=== Begin Enclosure ===
(* Young's inequality with weight [al / r0]: since [r_{t+1} <= r0] the first part
   becomes [al * |e_t|^2] and the second a multiple of [r_{t+1} |g_t|^2]. *)
Lemma sum_radius_vdot_le (e : nat -> Omega -> 'rV[R]_n) T w al : 0 < al ->
  \sum_(t < T) r t.+1 w * `|vdot (e t w) (g t w)|
    <= al * \sum_(t < T) sqnorm (e t w) + 2 * r0 ^+ 2 * B / eta / (4 * al).
Proof.
move=> al_gt0; have be_gt0 : 0 < al / r0 by rewrite divr_gt0.
have term t : r t.+1 w * `|vdot (e t w) (g t w)|
    <= al * sqnorm (e t w) + r0 / (4 * al) * (r t.+1 w * sqnorm (g t w)).
  have r_gt0 := radius_gt0_at t.+1 w.
  apply: le_trans (ler_wpM2l (ltW r_gt0) (normr_vdot_le_AMGM _ _ _ be_gt0)) _.
  have -> : r t.+1 w * (al / r0 * sqnorm (e t w) + sqnorm (g t w) / (4 * (al / r0)))
      = r t.+1 w / r0 * (al * sqnorm (e t w))
        + r0 / (4 * al) * (r t.+1 w * sqnorm (g t w)).
    by field; rewrite !gt_eqF.
  rewrite lerD2r ler_piMl ?mulr_ge0 ?sqnorm_ge0 ?(ltW al_gt0) //.
  rewrite ler_pdivrMr // mul1r -(r0E w).
  exact: (radius_le_init eta_gt0 a_gt0 (K_ge^~ w) (sqnorm_g_ge0 w) (r0_gt0_at w)
    (dissipation^~ w)).
apply: (@le_trans _ _ (\sum_(t < T)
    (al * sqnorm (e t w) + r0 / (4 * al) * (r t.+1 w * sqnorm (g t w))))).
  by apply: ler_sum => t _; exact: term.
rewrite big_split /= -!mulr_sumr lerD2l.
apply: le_trans (ler_wpM2l _ (sum_radius_le_at T w)) _.
  by rewrite divr_ge0 ?mulr_ge0 ?ltW.
by rewrite le_eqVlt; apply/orP; left; apply/eqP; field; rewrite !gt_eqF.
Qed.

Lemma expectation_sum_radius_vdot_le (e : nat -> Omega -> 'rV[R]_n) (sigma : R) T :
  0 <= sigma -> (forall t, measurable_row (e t)) ->
  (forall t, (\int[P]_w (sqnorm (e t w))%:E <= (sigma ^+ 2)%:E)%E) ->
  ('E_P[fun w => (\sum_(t < T) r t.+1 w * `|vdot (e t w) (g t w)|)%R]
    <= (Num.sqrt T%:R * sigma * Num.sqrt (2 * r0 ^+ 2 * B / eta))%:E)%E.
Proof.
move=> sigma_ge0 me int_e.
have bound_gt0 : 0 < 2 * r0 ^+ 2 * B / eta.
  by rewrite !mulr_gt0 ?exprn_gt0 ?invr_gt0 // (lt_le_trans a_gt0).
apply: lee_AMGM_inf => [||al al_gt0]; first by rewrite mulr_ge0 ?sqrtr_ge0.
  by rewrite sqrtr_gt0.
rewrite exprMn !sqr_sqrtr ?ler0n ?(ltW bound_gt0) //.
apply: (expectation_le_sum_bound P _ (fun t w => sqnorm (e t w))) => //.
- exact: ltW al_gt0.
- by apply: divr_ge0; [exact: ltW bound_gt0 | rewrite mulr_ge0 // ltW].
- apply: measurable_sum => t; apply: measurable_funM; first exact: measurable_radius.
  exact/measurableT_comp/measurable_vdot.
- by move=> t; exact: measurable_vdot.
- by move=> w; apply: sumr_ge0 => t _; rewrite mulr_ge0 // ltW.
- by move=> t w; exact: sqnorm_ge0.
- by move=> w; exact: sum_radius_vdot_le.
Qed.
=== End Enclosure ===
Look through the entries above and work out how many lines contain the string "exact". Give that number alone.

PROBLEM SOLUTION:
9